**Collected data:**
(* Let $\mathcal{E}=\{E_1,\ldots,E_m\}$ be a set of two-outcome measurements and let $T$ be a positive integer. Then there exists a test procedure $Q$ such that: (i) $Q$ takes a state $\rho_0$ as input, applies at most $T$ measurements from $\mathcal{E}$, and returns either ''success'' or ''failure''; (ii) if $\epsilon\ge0$ and $\operatorname{Tr}(E_i\rho_0)\ge1-\epsilon$ for all $i$, then $Q$ succeeds with probability at least $1-T\sqrt{\epsilon}$; (iii) if $Q$ succeeds on input $\rho_0$ with probability at least $\lambda>0$, then conditioned on succeeding, $Q$ outputs a state $\sigma$ such that $\operatorname{Tr}(E_i\sigma)\ge1-2\sqrt{m/(\lambda T)}$ for all $i\in\{1,\ldots,m\}$.
   Context: A two-outcome measurement on a quantum system is a Hermitian operator $E$ with eigenvalues in $[0,1]$; applied to state $\rho$ it accepts with probability $\operatorname{Tr}(E\rho)$ and the state is updated to the corresponding post-measurement state. *)

From Stdlib Require Import ClassicalEpsilon.
From mathcomp Require Import all_boot all_order all_algebra.
From mathcomp Require Import reals complex.
Set Implicit Arguments. Unset Strict Implicit. Unset Printing Implicit Defensive.
Import Order.TTheory GRing.Theory Num.Theory.
Local Open Scope ring_scope.
Local Open Scope complex_scope.

Section Quantum.
Variable R : realType.
Local Notation C := (R[i]).

Definition adjmx {d : nat} (A : 'M[C]_d) : 'M[C]_d := (map_mx Num.conj A)^T.

Definition hermitian {d : nat} (A : 'M[C]_d) : Prop := adjmx A = A.

Definition psd {d : nat} (A : 'M[C]_d) : Prop :=
  hermitian A /\ forall a : C, eigenvalue A a -> 0 <= a.

Definition is_state {d : nat} (rho : 'M[C]_d) : Prop :=
  psd rho /\ \tr rho = 1.

Definition is_measurement {d : nat} (E : 'M[C]_d) : Prop :=
  hermitian E /\ forall a : C, eigenvalue E a -> 0 <= a <= 1.

Definition psd_sqrt {d : nat} (A : 'M[C]_d) : 'M[C]_d :=
  epsilon (inhabits (0 : 'M[C]_d)) (fun S => psd S /\ S *m S = A).

(* Lueders post-measurement (unnormalized) states of the accepting /
   rejecting outcomes of the measurement E on rho. *)
Definition accept_update {d : nat} (E rho : 'M[C]_d) : 'M[C]_d :=
  psd_sqrt E *m rho *m psd_sqrt E.
Definition reject_update {d : nat} (E rho : 'M[C]_d) : 'M[C]_d :=
  psd_sqrt (1%:M - E) *m rho *m psd_sqrt (1%:M - E).

(* Test procedures: adaptive, classically randomized decision trees whose
   internal nodes apply a measurement from the family E : 'I_m -> 'M_d
   (continuing in the accept or reject branch) or flip a biased coin. *)
Inductive proc (m : nat) : Type :=
| PSucc : proc m
| PFail : proc m
| PMeas : 'I_m -> proc m -> proc m -> proc m
| PMix  : R -> proc m -> proc m -> proc m.

Arguments PSucc {m}. Arguments PFail {m}.

Fixpoint proc_wf {m : nat} (Q : proc m) : Prop :=
  match Q with
  | PSucc | PFail => True
  | PMeas _ a r => proc_wf a /\ proc_wf r
  | PMix p a b => (0 <= p <= 1) /\ proc_wf a /\ proc_wf b
  end.

Fixpoint num_meas {m : nat} (Q : proc m) : nat :=
  match Q with
  | PSucc | PFail => 0
  | PMeas _ a r => (maxn (num_meas a) (num_meas r)).+1
  | PMix _ a b => maxn (num_meas a) (num_meas b)
  end.

(* unnormalized output state on the "success" event *)
Fixpoint succ_op {m d : nat} (E : 'I_m -> 'M[C]_d) (Q : proc m)
    (rho : 'M[C]_d) : 'M[C]_d :=
  match Q with
  | PSucc => rho
  | PFail => 0
  | PMeas i a r => succ_op E a (accept_update (E i) rho)
                   + succ_op E r (reject_update (E i) rho)
  | PMix p a b => (p%:C) *: succ_op E a rho + (1 - p%:C) *: succ_op E b rho
  end.

Definition succ_prob {m d : nat} (E : 'I_m -> 'M[C]_d) (Q : proc m)
    (rho : 'M[C]_d) : C := \tr (succ_op E Q rho).

Definition succ_state {m d : nat} (E : 'I_m -> 'M[C]_d) (Q : proc m)
    (rho : 'M[C]_d) : 'M[C]_d := (succ_prob E Q rho)^-1 *: succ_op E Q rho.

End Quantum.
Arguments PSucc {R m}. Arguments PFail {R m}.

(* The test picks s uniformly in {0, ..., T-1} and then runs s rounds, each
   measuring a uniformly random E_i and failing at the first rejection.

   Completeness: with S_i = sqrt E_i, one round changes |tr (K rho)| by at most
   |tr ((1 - S_i) K rho)|, which Cauchy-Schwarz and (1 - S_i)^2 <= 1 - E_i bound
   by sqrt eps.  Hence s rounds accept with probability at least 1 - 2 s sqrt eps,
   and the average over s is at least 1 - T sqrt eps.

   Soundness: let Y_s be the unnormalized state after s accepted rounds and
   Z = Y_0 + ... + Y_(T-1).  Since sum_i tr ((1 - E_i) Y_s) = m (tr Y_s - tr Y_(s+1)),
   the sum telescopes to sum_i tr ((1 - E_i) Z) <= m.  The output state is
   Z / tr Z with tr Z = T Pr[success] >= lam T, so
   tr (E_i sigma) >= 1 - m / (lam T) >= 1 - 2 sqrt (m / (lam T)). *)

From HB Require Import structures.
From Stdlib Require Import ClassicalEpsilon.
From Pilot Require Import Defs.
From mathcomp Require Import all_boot all_order all_algebra.
From mathcomp Require Import reals complex ring lra.
Import Order.TTheory GRing.Theory Num.Theory Num.Def.
Set Implicit Arguments. Unset Strict Implicit. Unset Printing Implicit Defensive.
Local Open Scope ring_scope.
Local Open Scope sesquilinear_scope.
Local Open Scope complex_scope.

Lemma sum_twice_nat (R : comPzRingType) T :
  \sum_(0 <= s < T) (2 * s%:R : R) = T%:R * (T%:R - 1).
Proof.
elim: T => [|T IHT]; first by rewrite big_nil mul0r.
by rewrite big_nat_recr //= IHT -natr1; ring.
Qed.

Lemma sub1_divr_le (F : realFieldType) (u t w k : F) :
  0 < u -> u <= t -> t - w <= k -> 0 <= k -> 1 - k / u <= w / t.
Proof.
move=> u_gt0 u_le_t tw_le k_ge0; have t_gt0 := lt_le_trans u_gt0 u_le_t.
have k_le : k <= k * (t / u) by rewrite ler_peMr // ler_pdivlMr // mul1r.
by rewrite ler_pdivlMr // mulrBl mul1r mulrAC; lra.
Qed.

Lemma sub1_2sqrt_le (F : rcfType) (x y : F) :
  0 <= x -> 0 <= y -> 1 - x <= y -> 1 - 2 * Num.sqrt x <= y.
Proof.
move=> x_ge0 y_ge0 le_y; have s_ge0 := sqrtr_ge0 x.
have [x_le1 | x_gt1] := lerP x 1; last first.
  have : 1 <= Num.sqrt x by rewrite -sqrtr1 ler_wsqrtr // ltW.
  by lra.
have : x <= Num.sqrt x.
  by rewrite -{1}(sqr_sqrtr x_ge0) expr2 ler_piMl // -sqrtr1 ler_wsqrtr.
by lra.
Qed.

**WORK ORDER:** Pick out the lines above that hold the string "GRing" and show them.

**EXERCISE RESULT:**
Import Order.TTheory GRing.Theory Num.Theory.
Import Order.TTheory GRing.Theory Num.Theory Num.Def.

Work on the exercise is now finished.